* _YOUR TASK_
Go line by line through the entries and show those that hold the string "first".

* _SUPPLIED MATERIAL_
(* Let $G=\mathrm{Sl}(2,\mathbb R)$ acting on $\mathbb P^1$, let $W=\{(a,b)\in\mathbb R^2: a\ge0,\ |b|\le a\}$ and $S_W=\{g\in\mathrm{Sl}(2,\mathbb R): gW\subset W\}$. The core of the invariant control set of $S_W$ in $\mathbb P^1$ is $C_0=\{[(a,b)]:(a,b)\in\mathrm{int}W\}$. For $g\in\mathrm{Sl}(2,\mathbb R)$ and $0\ne z\in\mathbb R^2$ let $\rho(g,[z])=\|gz\|/\|z\|$ (Euclidean norm). Then: (i) $\|g(1,0)\|\ge 1/2$ for all $g\in S_W$; (ii) for every $z\in C_0$ there is $h\in S_W$ with $z=h[(1,0)]$ and $\rho(g,z)\ge 1/(2\|h\|)$ for all $g\in S_W$ (where $\|h\|$ is the operator norm), so $\inf_{g\in S_W}\rho(g,z)>0$; (iii) nevertheless $\inf\{\rho(g,z): g\in S_W,\ z\in C_0\}=0$, i.e. no lower bound uniform in $z\in C_0$ exists.
   Context: Here $\rho(g,[z])=\|gz\|/\|z\|$ is the cocycle $\rho_\lambda$ for $\mathrm{Sl}(2,\mathbb R)$ associated with the functional $\lambda$ on the diagonal subalgebra satisfying $\lambda(\mathrm{diag}(1,-1))=1$. The invariant control set of $S_W$ is the unique maximal subset $D\subset\mathbb P^1$ with nonempty interior, $D\subset\mathrm{cl}(S_Wx)$ for all $x\in D$, and $S_WD\subset D$; its core is the set of its points fixed by some element of $\mathrm{int}S_W$. *)

From mathcomp Require Import all_boot all_order all_algebra.
From mathcomp Require Import all_classical all_reals.
Set Implicit Arguments. Unset Strict Implicit. Unset Printing Implicit Defensive.
Import Order.TTheory GRing.Theory Num.Theory.
Local Open Scope ring_scope.
Local Open Scope classical_set_scope.

Section Defs.
Variable R : realType.

Definition cx (z : 'cV[R]_2) : R := z ord0 ord0.
Definition cy (z : 'cV[R]_2) : R := z ord_max ord0.

Definition vec2 (a b : R) : 'cV[R]_2 := \col_i (if i == ord0 then a else b).
Definition e1 : 'cV[R]_2 := vec2 1 0.

Definition enorm (z : 'cV[R]_2) : R := Num.sqrt (cx z ^+ 2 + cy z ^+ 2).

Definition opnorm (h : 'M[R]_2) : R :=
  sup [set enorm (h *m u) | u in [set u | enorm u = 1]].

Definition SL2 (g : 'M[R]_2) : Prop := \det g = 1.

Definition W (z : 'cV[R]_2) : Prop := 0 <= cx z /\ `|cy z| <= cx z.
Definition intW (z : 'cV[R]_2) : Prop := `|cy z| < cx z.

Definition S_W (g : 'M[R]_2) : Prop := SL2 g /\ forall z, W z -> W (g *m z).

(* points of P^1 are represented by nonzero vectors; [z] = [w] iff w = t z, t<>0 *)
Definition projeq (z w : 'cV[R]_2) : Prop := exists t : R, t != 0 /\ w = t *: z.

Definition C0 (z : 'cV[R]_2) : Prop := z != 0 /\ exists w, intW w /\ projeq w z.

Definition rho (g : 'M[R]_2) (z : 'cV[R]_2) : R := enorm (g *m z) / enorm z.

End Defs.

From mathcomp Require Import all_boot all_order all_algebra.
From mathcomp Require Import all_classical all_reals.
From mathcomp Require Import ring lra.
Import Order.TTheory GRing.Theory Num.Theory.
Local Open Scope ring_scope.
Local Open Scope classical_set_scope.

Set Implicit Arguments.
Unset Strict Implicit.

(* Writing g = [[p, q], [r, s]], g maps W into W iff it maps the two edges
   (1, 1) and (1, -1) of the cone into W, i.e. iff |r + s| <= p + q and
   |r - s| <= p - q.  Since 2 (ps - qr) = (p - q)(r + s) - (p + q)(r - s), the
   determinant condition then forces p^2 - q^2 >= 1, so the first coordinate of
   g e1 is at least 1: this gives (i) with 1 in place of 1/2.
   A point [(a, b)] of C_0 is the image of [e1] under the hyperbolic rotation
   h = [[a, b], [b, a]] / sqrt(a^2 - b^2), which lies in S_W; then
   rho(g, h e1) = |g h e1| / |h e1| >= 1 / |h e1| >= 1 / |h|, which is (ii).
   For (iii), the hyperbolic rotation with eigenvalues 1/y on (1, 1) and y on
   (1, -1) lies in S_W and maps (1 + y^2, y^2 - 1) in int W to (2y, 0). *)

Lemma inf_eq0_of_ge0 (R : realType) (S : set R) :
  lbound S 0 -> (forall e : R, 0 < e -> exists2 x, S x & x < e) -> inf S = 0.
Proof.
move=> S_ge0 S_small; have [x Sx _] := S_small 1 (@ltr01 R).
apply/eqP; rewrite eq_le lb_le_inf ?andbT //; last by exists x.
rewrite leNgt; apply/negP => /S_small[y Sy]; apply/negP; rewrite -leNgt.
by apply: ge_inf => //; exists 0.
Qed.

Section CompressionSemigroup.
Variable R : realType.
Implicit Types (g h : 'M[R]_2) (z w : 'cV[R]_2).

Lemma sum_ord2 (F : 'I_2 -> R) : \sum_(i < 2) F i = F ord0 + F ord_max.
Proof. by rewrite big_ord_recr big_ord1; congr (F _ + F _); exact/val_inj. Qed.

Lemma det_mx2 g : \det g = g ord0 ord0 * g ord_max ord_max - g ord0 ord_max * g ord_max ord0.
Proof.
rewrite (expand_det_row _ ord0) sum_ord2 /cofactor !det_mx11 !mxE /=.
have -> : lift ord0 ord0 = ord_max :> 'I_2 by exact/val_inj.
have -> : lift ord_max ord0 = ord0 :> 'I_2 by exact/val_inj.
by rewrite expr0 expr1 !mul1r mulN1r mulrN.
Qed.

Lemma cx_mulmx g z : cx (g *m z) = g ord0 ord0 * cx z + g ord0 ord_max * cy z.
Proof. by rewrite /cx /cy mxE sum_ord2. Qed.

Lemma cy_mulmx g z : cy (g *m z) = g ord_max ord0 * cx z + g ord_max ord_max * cy z.
Proof. by rewrite /cx /cy mxE sum_ord2. Qed.

Lemma cx_scale (t : R) z : cx (t *: z) = t * cx z.
Proof. by rewrite /cx mxE. Qed.

Lemma cy_scale (t : R) z : cy (t *: z) = t * cy z.
Proof. by rewrite /cy mxE. Qed.

Lemma cx_vec2 (a b : R) : cx (vec2 a b) = a.
Proof. by rewrite /cx mxE. Qed.

Lemma cy_vec2 (a b : R) : cy (vec2 a b) = b.
Proof. by rewrite /cy mxE. Qed.

Lemma cV2_ext z w : cx z = cx w -> cy z = cy w -> z = w.
Proof.
move=> eqx eqy; apply/matrixP => i j; rewrite (ord1 j).
case: i => [[|[|//]] lti].
- by rewrite (_ : Ordinal lti = ord0) //; exact/val_inj.
- by rewrite (_ : Ordinal lti = ord_max) //; exact/val_inj.
Qed.

Lemma enorm_ge0 z : 0 <= enorm z.
Proof. exact: sqrtr_ge0. Qed.

Lemma enorm_ge_cx z : `|cx z| <= enorm z.
Proof. by rewrite /enorm -sqrtr_sqr ler_wsqrtr // lerDl sqr_ge0. Qed.

Lemma enorm_ge_cy z : `|cy z| <= enorm z.
Proof. by rewrite /enorm -sqrtr_sqr ler_wsqrtr // lerDr sqr_ge0. Qed.

Lemma enorm_le_norm_add z : enorm z <= `|cx z| + `|cy z|.
Proof.
rewrite /enorm -[leRHS]ger0_norm ?addr_ge0 // -sqrtr_sqr ler_wsqrtr //.
rewrite -(real_normK (num_real (cx z))) -(real_normK (num_real (cy z))).
have := normr_ge0 (cx z); have := normr_ge0 (cy z); nra.
Qed.

Lemma enorm_scale (t : R) z : enorm (t *: z) = `|t| * enorm z.
Proof.
by rewrite /enorm cx_scale cy_scale !exprMn -mulrDr sqrtrM ?sqr_ge0 // sqrtr_sqr.
Qed.

Lemma enorm_e1 : enorm (e1 R) = 1.
Proof. by rewrite /enorm cx_vec2 cy_vec2 expr1n expr0n addr0 sqrtr1. Qed.

Lemma enorm_le_opnorm g z : enorm z = 1 -> enorm (g *m z) <= opnorm g.
Proof.
move=> z1; apply: sup_upper_bound; last by exists z.
split; first by exists (enorm (g *m z)), z.
exists (\sum_(i < 2) \sum_(j < 2) `|g i j|) => _ [u /= u1 <-].
rewrite !sum_ord2; apply: le_trans (enorm_le_norm_add _) _.
have ux : `|cx u| <= 1 by rewrite -u1 enorm_ge_cx.
have uy : `|cy u| <= 1 by rewrite -u1 enorm_ge_cy.
have entry_bound (a : R) v : `|v| <= 1 -> `|a * v| <= `|a|.
  by move=> v1; rewrite normrM ler_piMr.
by rewrite cx_mulmx cy_mulmx; apply: lerD; apply: le_trans (ler_normD _ _) _;
  apply: lerD; apply: entry_bound.
Qed.

Lemma rho_ge0 g z : 0 <= rho g z.
Proof. by rewrite /rho divr_ge0 ?enorm_ge0. Qed.

Lemma rho_scale g (t : R) z : t != 0 -> rho g (t *: z) = rho g z.
Proof.
move=> t0; rewrite /rho -scalemxAr !enorm_scale invfM mulrACA.
by rewrite divff ?mul1r // normr_eq0.
Qed.

Lemma C0_intW w : intW w -> C0 w.
Proof.
move=> Ww; split; last by exists w; split=> //; exists 1; rewrite oner_neq0 scale1r.
apply/eqP => w0; move: Ww; rewrite /intW w0 /cx /cy !mxE normr0.
by rewrite ltxx.
Qed.

Lemma W_mulmx g :
  `|g ord_max ord0 + g ord_max ord_max| <= g ord0 ord0 + g ord0 ord_max ->
  `|g ord_max ord0 - g ord_max ord_max| <= g ord0 ord0 - g ord0 ord_max ->
  forall z, W z -> W (g *m z).
Proof.
move=> + + z [_]; rewrite /W cx_mulmx cy_mulmx.
set p := g ord0 ord0; set q := g ord0 ord_max.
set r := g ord_max ord0; set s := g ord_max ord_max.
set x := cx z; set y := cy z.
rewrite !ler_norml => /andP[le_rs_pq le_pq_rs] /andP[le_rs_pq' le_pq_rs'] /andP[yx xy].
(* decompose z along the edges (1, 1) and (1, -1) of W *)
have -> : p * x + q * y = ((p + q) * (x + y) + (p - q) * (x - y)) / 2 by field.
have -> : r * x + s * y = ((r + s) * (x + y) + (r - s) * (x - y)) / 2 by field.
have [xy0 xy0'] : 0 <= x + y /\ 0 <= x - y by lra.
by split; [|apply/andP; split]; nra.
Qed.

Lemma S_W_edges g : S_W g ->
  `|g ord_max ord0 + g ord_max ord_max| <= g ord0 ord0 + g ord0 ord_max /\
  `|g ord_max ord0 - g ord_max ord_max| <= g ord0 ord0 - g ord0 ord_max.
Proof.
move=> [_ gW].
have W_edge (t : R) : `|t| = 1 -> W (vec2 1 t) by rewrite /W cx_vec2 cy_vec2 => ->.
move: (gW _ (W_edge _ (normr1 R))) (gW _ (W_edge _ (normrN1 R))).
by rewrite /W !cx_mulmx !cy_mulmx !cx_vec2 !cy_vec2 !mulr1 !mulrN1 => -[_ ->] [_ ->].
Qed.

Lemma S_W_entry00_ge1 g : S_W g -> 1 <= g ord0 ord0.
Proof.
move=> Sg; have [] := S_W_edges Sg; have := Sg.1; rewrite /SL2 det_mx2.
set p := g ord0 ord0; set q := g ord0 ord_max.
set r := g ord_max ord0; set s := g ord_max ord_max.
move=> det1 /[!ler_norml] /andP[rs_ge rs_le] /andP[rs_ge' rs_le'].
have [pq_ge0 pq_ge0'] : 0 <= p + q /\ 0 <= p - q by lra.
have : (p + q) * (r - s) - (p - q) * (r + s) = -2 by rewrite -det1; ring.
have : 1 <= (p + q) * (p - q) by nra.
nra.
Qed.

Lemma S_W_enorm_e1 g : S_W g -> 1 <= enorm (g *m e1 R).
Proof.
move=> Sg; apply: le_trans (enorm_ge_cx _).
rewrite cx_mulmx cx_vec2 cy_vec2 mulr1 mulr0 addr0.
by apply: le_trans (S_W_entry00_ge1 Sg) (ler_norm _).
Qed.

Lemma S_W1 : S_W (1%:M : 'M[R]_2).
Proof. by split=> [|z]; rewrite ?/SL2 ?det1 ?mul1mx. Qed.

Lemma S_W_mul g h : S_W g -> S_W h -> S_W (g *m h).
Proof.
move=> [detg gW] [deth hW]; split; first by rewrite /SL2 det_mulmx detg deth mulr1.
by move=> z Wz; rewrite -mulmxA; apply/gW/hW.
Qed.

Lemma rho_orbit_ge g h : S_W g -> S_W h ->
  1 / enorm (h *m e1 R) <= rho g (h *m e1 R).
Proof.
move=> Sg Sh; have N_gt0 : 0 < enorm (h *m e1 R).
  by apply: lt_le_trans (S_W_enorm_e1 Sh).
by rewrite /rho ler_pM2r ?invr_gt0 // mulmxA S_W_enorm_e1 //; exact: S_W_mul.
Qed.

Definition boost (c d : R) : 'M[R]_2 := \matrix_(i, j) if i == j then c else d.

Lemma S_W_boost (c d : R) : c ^+ 2 - d ^+ 2 = 1 -> `|d| <= c -> S_W (boost c d).
Proof.
move=> cd1 /[!ler_norml] /andP[dc dc']; split.
  by rewrite /SL2 det_mx2 !mxE /= -cd1 -!expr2.
by apply: W_mulmx; rewrite !mxE /= ler_norml; apply/andP; split; lra.
Qed.

Lemma C0_orbit z : C0 z -> exists2 h, S_W h & exists2 t : R, t != 0 & z = t *: (h *m e1 R).
Proof.
move=> [_ [w [Ww [t [t0 ->]]]]]; move: Ww; rewrite /intW.
set a := cx w; set b := cy w => ba.
have sq_gt0 : 0 < a ^+ 2 - b ^+ 2 by move: ba; rewrite ltr_norml => /andP[]; nra.
set s := Num.sqrt (a ^+ 2 - b ^+ 2).
have s_gt0 : 0 < s by rewrite sqrtr_gt0.
have s0 : s != 0 by rewrite gt_eqF.
exists (boost (a / s) (b / s)).
  apply: S_W_boost.
    by rewrite !expr_div_n -mulrBl sqr_sqrtr ?ltW // divff ?gt_eqF.
  by rewrite normrM normfV (gtr0_norm s_gt0) ler_pM2r ?invr_gt0 ?ltW.
exists (t * s); first by rewrite mulf_neq0.
apply: cV2_ext; rewrite !(cx_scale, cy_scale, cx_mulmx, cy_mulmx, cx_vec2, cy_vec2).
all: by rewrite !mxE /= -/a -/b; field.
Qed.

Lemma rho_S_W_C0_small (e : R) : 0 < e -> exists g z, [/\ S_W g, C0 z & rho g z < e].
Proof.
move=> e_gt0; set y := e / 4; have y_gt0 : 0 < y by rewrite divr_gt0.
have y0 : y != 0 by rewrite gt_eqF.
set z := vec2 (1 + y ^+ 2) (y ^+ 2 - 1).
set g := boost ((y^-1 + y) / 2) ((y^-1 - y) / 2).
have gz : g *m z = vec2 (2 * y) 0.
  by apply: cV2_ext; rewrite !(cx_mulmx, cy_mulmx, cx_vec2, cy_vec2) !mxE /=; field.
have y_inv_gt0 : 0 < y^-1 by rewrite invr_gt0.
exists g, z; split.
- apply: S_W_boost; first by field.
  by rewrite ler_norml; apply/andP; split; lra.
- apply: C0_intW; rewrite /intW cx_vec2 cy_vec2 ltr_norml; apply/andP; split; nra.
- have z_ge1 : 1 <= enorm z.
    by apply: le_trans (enorm_ge_cx _); rewrite cx_vec2 ger0_norm; nra.
  rewrite /rho gz /enorm cx_vec2 cy_vec2 expr0n addr0 sqrtr_sqr ger0_norm; last by lra.
  rewrite -/(enorm z) ltr_pdivrMr; last by lra.
  have lt_y_e : 2 * y < e by rewrite /y; lra.
  by apply: lt_le_trans lt_y_e _; rewrite ler_peMr // ltW.
Qed.

End CompressionSemigroup.

Theorem mainTheorem6 (R : realType) :
  (* (i) *)
  (forall g : 'M[R]_2, S_W g -> 1 / 2 <= enorm (g *m e1 R))
  /\
  (* (ii) *)
  (forall z : 'cV[R]_2, C0 z ->
     (exists h : 'M[R]_2,
        S_W h /\ projeq (h *m e1 R) z /\
        (forall g : 'M[R]_2, S_W g -> 1 / (2 * opnorm h) <= rho g z))
     /\ 0 < inf ([set rho g z | g in [set g | S_W g]] : set R))
  /\
  (* (iii) *)
  inf ([set rho g z | g in [set g | S_W g] & z in [set z | C0 z]] : set R) = 0.
Proof.
split; first by move=> g /S_W_enorm_e1; lra.
split=> [z /C0_orbit[h Sh [t t0 ->]]|].
  have N_ge1 := S_W_enorm_e1 Sh; have N_le := enorm_le_opnorm h (enorm_e1 R).
  have rho_ge g : S_W g -> 1 / enorm (h *m e1 R) <= rho g (t *: (h *m e1 R)).
    by move=> Sg; rewrite rho_scale //; exact: rho_orbit_ge.
  split.
    exists h; split=> //; split=> [|g /rho_ge]; first by exists t.
    apply: le_trans; rewrite !div1r lef_pV2 ?posrE; lra.
  apply: (@lt_le_trans _ _ (1 / enorm (h *m e1 R))); first by rewrite divr_gt0 //; lra.
  apply: lb_le_inf => [|_ [g /rho_ge ? <-] //].
  by exists (rho 1%:M (t *: (h *m e1 R))), 1%:M => //; exact: S_W1.
apply: inf_eq0_of_ge0 => [_ [g _ [z _ <-]]|e /rho_S_W_C0_small[g [z [Sg Cz lt_e]]]].
  exact: rho_ge0.
by exists (rho g z) => //; exists g => //; exists z.
Qed.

* _RESPONSE TO THIS TASK_
   determinant condition then forces p^2 - q^2 >= 1, so the first coordinate of
split; first by exists (enorm (g *m z)), z.
move=> [detg gW] [deth hW]; split; first by rewrite /SL2 det_mulmx detg deth mulr1.
exists (t * s); first by rewrite mulf_neq0.
- apply: S_W_boost; first by field.
split; first by move=> g /S_W_enorm_e1; lra.
    exists h; split=> //; split=> [|g /rho_ge]; first by exists t.
  apply: (@lt_le_trans _ _ (1 / enorm (h *m e1 R))); first by rewrite divr_gt0 //; lra.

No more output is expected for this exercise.